What you need to do → The entries below contain a line with "by (apply Rmult_le_compat_l; lra)." and a line with "(* For any connected". Quote exactly those two lines and all lines between them.

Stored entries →

==================================================

Lemma markov_expansions_of (M : nat -> nat -> RF) p q : (0 < p)%N -> (0 < q)%N ->
  vanishes iz 4 (M p q * wz p q - 1 - zF ^+ 2 * ez p q) ->
  vanishes iy 2 (M p q * wy p q - 1) ->
  ((1 < q)%N -> vanishes iy 4 (M p q * wy p q - 1 - yF ^+ 2 * fy p q)) ->
  markov_expansions M p q.
Proof.
move=> hp hq sz gy sy.
have s1 : vanishes iz 1 (M p q * wz p q - 1).
  exact: vanishesW (vanishes_sub1 sz (vanishes0_ez _ _) _).
split => //.
- split; last exact: vanishes0_zpow s1.
  by have := neq0_sub1 s1; apply: contraNneq => ->; rewrite mul0r.
- by apply: vanishes1_ypow hq _; apply: vanishesW gy.
Qed.

Lemma markov_expansions_of_y4 (M : nat -> nat -> RF) p q : (0 < p)%N -> (1 < q)%N ->
  vanishes iz 4 (M p q * wz p q - 1 - zF ^+ 2 * ez p q) ->
  vanishes iy 4 (M p q * wy p q - 1 - yF ^+ 2 * fy p q) ->
  markov_expansions M p q.
Proof.
move=> hp hq sz sy; apply: markov_expansions_of => //; first exact: ltnW.
exact: vanishes_sub1 sy (vanishes0_fy _ _) _.
Qed.

Lemma vanishes_y1 : vanishes iy 1 yF.
Proof. by rewrite yFE -(expr1 (toRF _)); exact: vanishes_Xn. Qed.

Lemma markov_expansions10 (M : nat -> nat -> RF) : M 1%N 0%N = yF -> markov_expansions M 1 0.
Proof.
move=> e; rewrite /markov_expansions e /degP /= expr0 mulr1; split => //.
- by split; [exact: yF_neq0 | exact: vanishes0_y].
- exact: vanishes_y1.
Qed.

Lemma markov_expansions01 (M : nat -> nat -> RF) : M 0%N 1%N = xF -> markov_expansions M 0 1.
Proof.
move=> e; rewrite /markov_expansions e /degP /= expr0 mulr1; split => //.
- by split; [exact: xF_neq0 | exact: vanishes0_x].
- by rewrite expr1; apply: (@vanishesMW _ 0 1 1) => //; [exact: vanishes0_x | exact: vanishes_y1].
- move=> _; rewrite /wy /= !expr0 !mul1r invr1 mulr1 expr1 mulfV; last exact: xF_neq0.
  by rewrite subrr; exact: vanishes0.
Qed.

Lemma expansion11_identity_z (F : fieldType) (x y z : F) : z != 0 -> x ^+ 2 + y ^+ 2 != 0 ->
  (x ^+ 2 + y ^+ 2) / z * (z ^+ 1 * x ^+ 0 * y ^+ 0 * ((x ^+ 2 + y ^+ 2) ^+ 1)^-1) - 1
    - z ^+ 2 * ((0%:R * x ^+ 2 + 0%:R * y ^+ 2) / (x ^+ 2 + y ^+ 2) ^+ 2) = 0.
Proof. by move=> hz hS; field_nz. Qed.

Lemma expansion11_identity_y (F : fieldType) (x y z T : F) : z != 0 -> x != 0 -> T != 0 ->
  (x ^+ 2 + y ^+ 2) / z * (y ^+ 0 * z ^+ 1 * (x ^+ 2)^-1 * (T ^+ 0)^-1) - 1
    = y ^+ 2 * (x ^-1) ^+ 2.
Proof. by move=> hz hx hT; field_nz. Qed.
Lemma gap_mean_gt s t M c : 0 < c < INR M -> (1 <= M)%nat -> (2 * M <= t)%nat -> 0 < s <= 1 ->
  INR M * c * ((2 ^ M) ^ M * s) < INR M - c -> c < INR t - mean (tilt_of_scale s t) t.
Proof.
  intros Hc HM1 Ht Hs Hcond. set (lam := tilt_of_scale s t).
  set (f := fun l => (INR t - INR l - c) * weight lam l).
  assert (Ht1 : (1 <= t)%nat) by lia.
  pose proof (weight_top_le s t M ltac:(lra) Ht) as Hlow. fold lam in Hlow.
  pose proof (pow_scale_mul_inv_pow M s HM1 ltac:(lra)) as HAB.
  set (A := (2 ^ M * s) ^ M) in Hlow, HAB. set (B := (/ s) ^ (M - 1)%nat) in HAB.
  assert (HA : 0 < A) by (unfold A; apply pow_lt; pose proof (pow_lt 2 M ltac:(lra)); nra).
  assert (HB : 1 <= B)
    by (unfold B; apply pow_R1_Rle; rewrite <- Rinv_1; apply Rinv_le_contravar; lra).
  pose proof (weight_pos lam t) as Hwt.
  (* the [l = t - M] term of [sum1 f t] is positive and outweighs the at most [M] negative
     terms above it *)
  assert (Head : (INR M - c) * weight lam (t - M)%nat <= sum1 f (t - M)).
  { replace ((INR M - c) * weight lam (t - M)%nat) with (f (t - M)%nat)
      by (unfold f; rewrite minus_INR by lia; ring).
    apply sum1_ge_term; [lia|]. intros i Hi. unfold f. pose proof (weight_pos lam i).
    assert (INR i + INR M <= INR t) by (rewrite <- plus_INR; apply le_INR; lia). nra. }
  assert (Tail : INR M * (- c * (weight lam t * B)) <= sum1 (fun j => f (t - M + j)%nat) M).
  { rewrite <- sum1_const. apply sum1_le. intros j Hj. unfold f.
    pose proof (weight_top_window s t M j ltac:(lra) Hj ltac:(lia)) as Hu. fold lam B in Hu.
    pose proof (weight_pos lam (t - M + j)%nat).
    assert (INR (t - M + j) <= INR t) by (apply le_INR; lia).
    nra. }
  assert (Hsum : 0 < sum1 f t).
  { replace (sum1 f t) with (sum1 f (t - M + M)) by (f_equal; lia). rewrite sum1_split.
    assert (INR M * c * (A * B) < INR M - c) by (rewrite HAB; auto).
    assert ((INR M - c) * weight lam t <= (INR M - c) * (weight lam (t - M)%nat * A))
      by (apply Rmult_le_compat_l; lra).
    assert (INR M * c * (A * B) * weight lam t < (INR M - c) * weight lam t)
      by (apply Rmult_lt_compat_r; auto).
    assert (INR M * c * B * weight lam t < (INR M - c) * weight lam (t - M)%nat)
      by (apply Rmult_lt_reg_r with A; auto; nra).
    nra. }
  pose proof (gap_mean_eq lam t c Ht1). pose proof (partition_pos lam t Ht1).
  assert (0 < sum1 f t / partition lam t) by (apply Rdiv_lt_0_compat; auto).
  unfold f in *. lra.
Qed.
(* For any connected locally finite cell complex $X$ with universal cover $\tilde X$, one has $\widetilde{\mathsf{TC}}(X)\ge\mathsf{TC}(\tilde X)$.
   Context: Normalized convention: $\mathsf{TC}$ of a contractible space is $0$; $\mathsf{TC}(Y)$ is the least $n$ such that $Y\times Y$ has an open cover by $n+1$ sets each admitting a continuous section of $Y^I\to Y\times Y$, $\alpha\mapsto(\alpha(0),\alpha(1))$. Let $P\colon\tilde X\to X$ be the universal cover with $\pi=\pi_1(X)$ acting by deck transformations, and $\tilde X\times_\pi\tilde X$ the quotient of $\tilde X\times\tilde X$ by the diagonal $\pi$-action. Let $p\colon X^I\to\tilde X\times_\pi\tilde X$, $p(\gamma)=[\tilde\gamma(0),\tilde\gamma(1)]$ for any lift $\tilde\gamma$ of $\gamma$, and $q\colon\tilde X\times_\pi\tilde X\to X\times X$, $q([x,y])=(Px,Py)$. $\widetilde{\mathsf{TC}}(X)$ is the least $k\ge0$ such that $X\times X$ has an open cover $U_0,\dots,U_k$ such that $p$ admits a continuous section over $q^{-1}(U_i)$ for each $i$. *)

From HB Require Import structures.
From mathcomp Require Import all_boot all_order all_algebra generic_quotient.
From mathcomp Require Import all_classical all_reals all_analysis.
From mathcomp Require Import Rstruct Rstruct_topology.

Set Implicit Arguments.
Unset Strict Implicit.
Unset Printing Implicit Defensive.

Import Order.TTheory GRing.Theory Num.Theory.
Local Open Scope classical_set_scope.
Local Open Scope ring_scope.
Local Open Scope quotient_scope.

Notation Real := Rdefinitions.R.

Definition Iset : set Real := `[0, 1]%classic.
Definition Iunit : Type := set_type Iset.

Definition PathSp (Y : topologicalType) : Type :=
  set_type [set f : {compact-open, Iunit -> Y} | continuous (f : Iunit -> Y)].

Definition path_of (Y : topologicalType) (g : PathSp Y) : Iunit -> Y :=
  (set_val g : {compact-open, Iunit -> Y}).

Definition ev_section_over (Y : topologicalType) (U : set (Y * Y)) : Prop :=
  exists s : Y * Y -> PathSp Y,
    {within U, continuous s} /\
    forall u, U u -> forall t : Iunit,
      (set_val t = 0 -> path_of (s u) t = u.1) /\
      (set_val t = 1 -> path_of (s u) t = u.2).

Definition TC_le (Y : topologicalType) (n : nat) : Prop :=
  exists U : 'I_n.+1 -> set (Y * Y),
    (forall i, open (U i)) /\
    (forall z, exists i, U i z) /\
    (forall i, ev_section_over (U i)).

Definition path_connected (T : topologicalType) : Prop :=
  [set: T] !=set0 /\
  forall a b : T, exists g : Iunit -> T, continuous g /\
    forall t : Iunit, (set_val t = 0 -> g t = a) /\ (set_val t = 1 -> g t = b).

Definition trivial_pi1 (T : topologicalType) : Prop :=
  forall g : Iunit -> T, continuous g ->
    (forall t0 t1 : Iunit, set_val t0 = 0 -> set_val t1 = 1 -> g t0 = g t1) ->
    exists H : Iunit * Iunit -> T, continuous H /\
      forall (s t t0 : Iunit), set_val t0 = 0 ->
        (set_val t = 0 -> H (s, t) = g s) /\
        (set_val t = 1 -> H (s, t) = g t0) /\
        ((set_val s = 0 \/ set_val s = 1) -> H (s, t) = g t0).

Definition simply_connected (T : topologicalType) : Prop :=
  path_connected T /\ trivial_pi1 T.

Definition covering_map (Xt X : topologicalType) (P : Xt -> X) : Prop :=
  continuous P /\ (forall x, exists y, P y = x) /\
  forall x : X, exists U : set X, open U /\ U x /\
    exists (K : Type) (V : K -> set Xt),
      (forall k, open (V k)) /\
      (forall k l, k <> l -> V k `&` V l = set0) /\
      P @^-1` U = \bigcup_k V k /\
      forall k, {in V k &, injective P} /\ P @` V k = U /\
        (forall W, open W -> W `<=` V k -> open (P @` W)).

Definition universal_cover (Xt X : topologicalType) (P : Xt -> X) : Prop :=
  covering_map P /\ simply_connected Xt.

Definition deck (Xt X : topologicalType) (P : Xt -> X) (g : Xt -> Xt) : Prop :=
  exists h : Xt -> Xt, cancel g h /\ cancel h g /\
    continuous g /\ continuous h /\ (forall x, P (g x) = P x).

Definition orb_rel (Xt X : topologicalType) (P : Xt -> X) : rel (Xt * Xt) :=
  fun a b => `[< exists g, deck P g /\ g a.1 = b.1 /\ g a.2 = b.2 >].

Lemma orb_refl (Xt X : topologicalType) (P : Xt -> X) : reflexive (orb_rel P).
Proof.
move=> a; apply/asboolP; exists id; split; last by [].
exists id; split; first by [].
split; first by [].
split; first by move=> ?; exact: cvg_id.
by split; first by move=> ?; exact: cvg_id.
Qed.

Lemma orb_sym (Xt X : topologicalType) (P : Xt -> X) : symmetric (orb_rel P).
Proof.
have H : forall a b, orb_rel P a b -> orb_rel P b a.
  move=> a b /asboolP [g [[h [gh [hg [cg [ch Pg]]]]] [e1 e2]]].
  apply/asboolP; exists h; split.
    exists g; do 4 split => //.
    by move=> x; rewrite -[in RHS](hg x) Pg.
  by rewrite -e1 -e2 !gh.
by move=> a b; apply/idP/idP => /H.
Qed.

Lemma orb_trans (Xt X : topologicalType) (P : Xt -> X) : transitive (orb_rel P).
Proof.
move=> b a c /asboolP [g [[h [gh [hg [cg [ch Pg]]]]] [e1 e2]]].
move=> /asboolP [g' [[h' [gh' [hg' [cg' [ch' Pg']]]]] [e1' e2']]].
apply/asboolP; exists (g' \o g); split.
  exists (h \o h'); split; first by move=> x /=; rewrite gh' gh.
  split; first by move=> x /=; rewrite hg hg'.
  split; first by move=> x; apply: continuous_comp; [exact: cg | exact: cg'].
  split; first by move=> x; apply: continuous_comp; [exact: ch' | exact: ch].
  by move=> x /=; rewrite Pg' Pg.
by rewrite /= e1 e2 e1' e2'.
Qed.

Definition orb_equiv (Xt X : topologicalType) (P : Xt -> X) : equiv_rel (Xt * Xt) :=
  EquivRel (orb_rel P) (@orb_refl Xt X P) (@orb_sym Xt X P) (@orb_trans Xt X P).

Definition orbSp (Xt X : topologicalType) (P : Xt -> X) : topologicalType :=
  quotient_topology {eq_quot (orb_equiv P)}.

Definition qmap (Xt X : topologicalType) (P : Xt -> X) (z : orbSp P) : X * X :=
  (P (repr z).1, P (repr z).2).

(* p(gamma) = z, where p(gamma) = [gt(0), gt(1)] for a lift gt of gamma *)
Definition p_maps_to (Xt X : topologicalType) (P : Xt -> X)
    (gam : PathSp X) (z : orbSp P) : Prop :=
  exists gt : Iunit -> Xt, continuous gt /\
    (forall t, P (gt t) = path_of gam t) /\
    forall t0 t1 : Iunit, set_val t0 = 0 -> set_val t1 = 1 ->
      (\pi_(orbSp P) (gt t0, gt t1) : orbSp P) = z.
(* The [q^2 + q] points other than [P] are covered by the [q] secants through [P],
   [q] points each, and by the tangent. *)
Lemma card_on_tangent P : P \in O -> #|[set R | on_tangent P R]| = q.
Proof.
move=> PO; set T := [set R | on_tangent P R].
have E : (#|T| + \sum_(P' in O :\ P) #|[set R | (pvec R <= line_mx P P')%MS & R != P]|
    = #|[set~ P]|)%N.
  under eq_bigr do rewrite card_set_sum.
  rewrite !card_set_sum exchange_big -big_split /=; apply: eq_bigr => R _.
  rewrite !inE; have [->|RP] := eqVneq R P.
    by rewrite /on_tangent eqxx big1 // => P' _; rewrite andbF.
  under eq_bigr do rewrite andbT.
  by rewrite count_secants_through //; case: (on_tangent P R).
have secant_card P' : P' \in O :\ P ->
    #|[set R | (pvec R <= line_mx P P')%MS & R != P]| = q.
  by rewrite !inE => /andP [P'P _]; rewrite card_line_mxD1 // eq_sym.
move: E; rewrite (eq_bigr _ secant_card) sum_nat_const card_ovalD1 // cardsC1 -cardsT card_plane.
lia.
Qed.

Lemma on_tangent_sub_line_mx P R0 R : P \in O ->
  on_tangent P R0 -> on_tangent P R -> (pvec R <= line_mx P R0)%MS.
Proof.
move=> PO tR0 tR; set S := [set X | (pvec X <= line_mx P R0)%MS & X != P].
have ST : S \subset [set X | on_tangent P X].
  by apply/subsetP => X; rewrite !inE => /andP [sX XP]; apply: on_tangent_line_mx tR0 sX XP.
have /eqP SE : S == [set X | on_tangent P X].
  by rewrite eqEcard ST card_on_tangent // card_line_mxD1 ?leqnn ?(on_tangent_neq tR0).
have : R \in S by rewrite SE inE.
by rewrite inE => /andP [].
Qed.

Lemma on_tangent_inj P P' R R' : P \in O -> P' \in O -> P != P' ->
  on_tangent P R -> on_tangent P R' -> on_tangent P' R -> on_tangent P' R' -> R = R'.
Proof.
move=> PO P'O PP' tR tR' t'R t'R'; apply/eqP; apply: contraT => RR'.
have E := line_mx_eqmx (on_tangent_neq t'R) RR' (line_mx_subr _ _)
  (on_tangent_sub_line_mx P'O t'R t'R').
have E' := line_mx_eqmx (on_tangent_neq tR) RR' (line_mx_subr _ _)
  (on_tangent_sub_line_mx PO tR tR').
have sP' : (pvec P' <= line_mx P R)%MS by rewrite -E' E line_mx_subl.
have ER := line_mx_eqmx (on_tangent_neq tR) PP' (line_mx_subl _ _) sP'.
case/andP: tR => _ /forall_inP /(_ P' P'O); rewrite eq_sym PP' /=.
by rewrite ER line_mx_subr.
Qed.

End Oval.


Lemma bin2_muln2 k : ('C(k, 2) * 2 = k * k.-1)%N.
Proof. by have := bin_ffact k 2; rewrite ffactnS ffactn1. Qed.

Lemma sum_pairsD1 (T : finType) (A : {set T}) :
  (\sum_(x in A) \sum_(y in A :\ x) 1 = #|A| * #|A|.-1)%N.
Proof.
rewrite -sum_nat_const; apply: eq_bigr => x xA.
by rewrite sum1_card (cardsD1 x A) xA.
Qed.

Section Secants.
Variables (F : finFieldType) (O : {set point F 2}).
Hypothesis ovalO : is_oval O.
Local Open Scope ring_scope.
Local Notation q := #|F|.

Lemma count_lines_through_pair (Q P P' : point F 2) : P != P' ->
  (\sum_(l in lines F 2 | Q \in l) ((P \in l) && (P' \in l)) =
   (pvec Q <= line_mx P P')%MS)%N.
Proof.
move=> PP'; have [sQ|nsQ] := boolP (pvec Q <= line_mx P P')%MS.
  rewrite (bigD1 (line_through P P')) /=; last by rewrite line_through_in_lines // mem_line_through.
  rewrite !mem_line_through line_mx_subl line_mx_subr big1 // => l /andP [/andP [lL Ql] lPP'].
  apply/eqP; rewrite eqb0; apply: contra lPP' => /andP [Pl P'l].
  by rewrite (line_through_uniq lL Pl P'l PP').
apply: big1 => l /andP [lL Ql]; apply/eqP; rewrite eqb0; apply/negP => /andP [Pl P'l].
by move: Ql; rewrite (line_through_uniq lL Pl P'l PP') mem_line_through (negbTE nsQ).
Qed.

Definition secant_pairs (Q : point F 2) : nat :=
  \sum_(P in O) \sum_(P' in O :\ P) (pvec Q <= line_mx P P')%MS.

Lemma secant_mult_double Q : (secant_mult O Q * 2 = secant_pairs Q)%N.
Proof.
rewrite /secant_mult big_distrl /=.
have pairs_on l : ('C(#|l :&: O|, 2) * 2 =
    \sum_(P in O) \sum_(P' in O :\ P) ((P \in l) && (P' \in l)))%N.
  rewrite bin2_muln2 -sum_pairsD1 big_mkcond [RHS]big_mkcond /=; apply: eq_bigr => P _.
  rewrite inE; case: (P \in l); case: (P \in O) => //=; last by rewrite big1.
  rewrite big_mkcond [RHS]big_mkcond /=; apply: eq_bigr => P' _.
  by rewrite !inE; case: (P' \in l); case: (P' \in O); case: (P' != P).
under eq_bigr do rewrite pairs_on.
rewrite exchange_big; apply: eq_bigr => P PO.
rewrite exchange_big; apply: eq_bigr => P'; rewrite !inE => /andP [P'P _].
by rewrite count_lines_through_pair // eq_sym.
Qed.

Definition tangents_through (Q : point F 2) := [set P in O | on_tangent O P Q].

(* Through each oval point [P] passes either a secant or the tangent containing [Q]. *)
Lemma secant_pairs_tangents Q : Q \notin O ->
  (secant_pairs Q + #|tangents_through Q| = q.+1)%N.
Proof.
move=> QO; rewrite -(card_oval ovalO) -!sum1_card /secant_pairs.
rewrite [X in (_ + X)%N]big_mkcond /= [in LHS]big_mkcond [RHS]big_mkcond /= -big_split.
apply: eq_bigr => P _; rewrite inE; case: ifP => //= PO.
have QP : Q != P by apply: contraNneq QO => ->.
by rewrite count_secants_through //; case: (on_tangent O P Q).
Qed.

Lemma tangents_through_even Q : odd q -> Q \notin O -> ~~ odd #|tangents_through Q|.
Proof.
move=> oq QO; have := congr1 odd (secant_pairs_tangents QO).
by rewrite -secant_mult_double oddD oddM andbF /= oq => ->.
Qed.

Hypothesis odd_q : odd q.

Section TangentPartner.
Variable P1 : point F 2.
Hypothesis P1O : P1 \in O.

(* By parity every point [R] of the tangent at [P1] lies on a second tangent, so the
   default value [P1] is never used. *)
Definition partner (R : point F 2) : point F 2 :=
  odflt P1 [pick P in tangents_through R :\ P1].

Lemma partnerP R : on_tangent O P1 R ->
  [/\ partner R \in O, partner R != P1 & on_tangent O (partner R) R].
Proof.
move=> tR; have RO := on_tangent_notin tR.
have : (0 < #|tangents_through R :\ P1|)%N.
  have := tangents_through_even odd_q RO.
  have P1R : P1 \in tangents_through R by rewrite inE P1O tR.
  by rewrite (cardsD1 P1) P1R /=; case: #|_| => [|[]].
case/card_gt0P => P PR; rewrite /partner; case: pickP => [P' | /(_ P)]; last by rewrite PR.
by rewrite !inE => /and3P [-> -> ->].
Qed.

Lemma partner_inj : {in [set R | on_tangent O P1 R] &, injective partner}.
Proof.
move=> R R'; rewrite !inE => tR tR' E.
have [PO PP1 tPR] := partnerP tR; have [_ _] := partnerP tR'; rewrite -E => tPR'.
exact: on_tangent_inj PO P1O PP1 tPR tPR' tR tR'.
Qed.

Lemma partner_onto P : P \in O -> P != P1 ->
  exists2 R, on_tangent O P1 R & partner R = P.
Proof.
move=> PO PP1; set T := [set R | on_tangent O P1 R].
have sub : partner @: T \subset O :\ P1.
  apply/subsetP => X /imsetP [R]; rewrite inE => tR ->.
  by have [? ? _] := partnerP tR; rewrite !inE andbC; apply/andP.
have /eqP E : partner @: T == O :\ P1.
  have cT : #|T| = q by apply: card_on_tangent.
  by rewrite eqEcard sub (card_in_imset partner_inj) cT card_ovalD1 ?leqnn.
have : P \in partner @: T by rewrite E !inE PP1.
by case/imsetP => R; rewrite inE => tR ->; exists R.
Qed.

End TangentPartner.

Lemma tangents_through_le2 Q : Q \notin O -> (#|tangents_through Q| <= 2)%N.
Proof.
move=> QO; have [->|[P1 P1Q]] := set_0Vmem (tangents_through Q); first by rewrite cards0.
have /andP [P1O tQ] : (P1 \in O) && on_tangent O P1 Q by rewrite inE in P1Q.
suff : tangents_through Q :\ P1 \subset [set partner P1 Q].
  by move/subset_leq_card; rewrite cards1 (cardsD1 P1 (tangents_through Q)) P1Q add1n ltnS.
apply/subsetP => P; rewrite !inE => /and3P [PP1 PO tPQ].
have [R tR ?] := partner_onto P1O PO PP1; subst P.
have [PRO PRP1 tPR] := partnerP P1O tR.
by rewrite (on_tangent_inj ovalO PRO P1O PRP1 tPR tPQ tR tQ).
Qed.

Lemma secant_mult_ge Q : Q \notin O -> ((q.-1)./2 <= secant_mult O Q)%N.
Proof.
move=> QO; have := secant_pairs_tangents QO; rewrite -secant_mult_double.
have := tangents_through_le2 QO; have := odd_double_half q; rewrite odd_q; lia.
Qed.

End Secants.


Lemma bigmin_leq (I : finType) (P : pred I) (f : I -> nat) m i :
  P i -> (\big[minn/m]_(j | P j) f j <= f i)%N.
Proof.
move=> Pi; have : i \in index_enum I by rewrite mem_index_enum.
elim: (index_enum I) => [|j r IH] //; rewrite inE big_cons => /orP [/eqP <-|ir].
  by rewrite Pi geq_minl.
by case: (P j); rewrite ?geq_min IH ?orbT.
Qed.

Lemma leq_bigmin (I : finType) (P : pred I) (f : I -> nat) m k :
  (k <= m)%N -> (forall i, P i -> k <= f i)%N -> (k <= \big[minn/m]_(j | P j) f j)%N.
Proof.
move=> km kf; apply: (big_ind (fun v => k <= v)%N) => // x y kx ky.
by rewrite leq_min kx ky.
Qed.

Lemma bigmin_attained (I : finType) (P : pred I) (f : I -> nat) m i0 :
  P i0 -> (forall i, P i -> f i <= m)%N -> exists2 i, P i & \big[minn/m]_(j | P j) f j = f i.
Proof.
move=> Pi0 fm; case: (arg_minnP f Pi0) => i Pi imin; exists i => //.
by apply/eqP; rewrite eqn_leq bigmin_leq //= leq_bigmin ?fm.
Qed.

Lemma set2_ltn_inj n (i j k l : 'I_n) : (i < j)%N -> (k < l)%N ->
  [set i; j] = [set k; l] -> (i, j) = (k, l).
Proof.
move=> ij kl E; have : i \in [set k; l] by rewrite -E set21.
have : j \in [set k; l] by rewrite -E set22.
rewrite !inE => /orP [] /eqP jE /orP [] /eqP iE; subst => //.
- by rewrite ltnn in ij.
- by have := ltn_trans ij kl; rewrite ltnn.
- by rewrite ltnn in ij.
Qed.

Lemma exists_superset_card (T : finType) (S : {set T}) m :
  (#|S| <= m <= #|T|)%N -> exists2 U : {set T}, S \subset U & #|U| = m.
Proof.
elim: m => [|m IH] /andP [Sm mT].
  by exists S => //; apply/eqP; rewrite -leqn0.
have [<-|SmS] := eqVneq #|S| m.+1; first by exists S.
have [U SU Um] : exists2 U : {set T}, S \subset U & #|U| = m.
  by apply: IH; rewrite -ltnS ltn_neqAle SmS Sm ltnW.
have /card_gt0P [x xU] : (0 < #|~: U|)%N by have := cardsC U; lia.
exists (x |: U); first exact: subset_trans SU (subsetUr _ _).
by rewrite cardsU1 -in_setC xU Um.
Qed.

Lemma cards3_set3 (T : finType) (U : {set T}) : #|U| = 3%N ->
  exists i j k, [/\ i != j, i != k, j != k & U = [set i; j; k]].
Proof.
move=> U3; have [i iU] : exists i, i \in U by apply/card_gt0P; rewrite U3.
have /eqP/cards2P [j [k [jk Ui]]] : #|U :\ i| = 2%N.
  by move: U3; rewrite (cardsD1 i U) iU; lia.
have : i \notin U :\ i by rewrite !inE eqxx.
rewrite Ui !inE negb_or => /andP [ij ik].
by exists i, j, k; split; rewrite // -setUA -Ui setD1K.
Qed.

Section Weight.
Variables (F : finFieldType) (n : nat).
Local Open Scope ring_scope.
Local Notation q := #|F|.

==================================================

Result below →
      by (apply Rmult_le_compat_l; lra).
    assert (INR M * c * (A * B) * weight lam t < (INR M - c) * weight lam t)
      by (apply Rmult_lt_compat_r; auto).
    assert (INR M * c * B * weight lam t < (INR M - c) * weight lam (t - M)%nat)
      by (apply Rmult_lt_reg_r with A; auto; nra).
    nra. }
  pose proof (gap_mean_eq lam t c Ht1). pose proof (partition_pos lam t Ht1).
  assert (0 < sum1 f t / partition lam t) by (apply Rdiv_lt_0_compat; auto).
  unfold f in *. lra.
Qed.
(* For any connected locally finite cell complex $X$ with universal cover $\tilde X$, one has $\widetilde{\mathsf{TC}}(X)\ge\mathsf{TC}(\tilde X)$.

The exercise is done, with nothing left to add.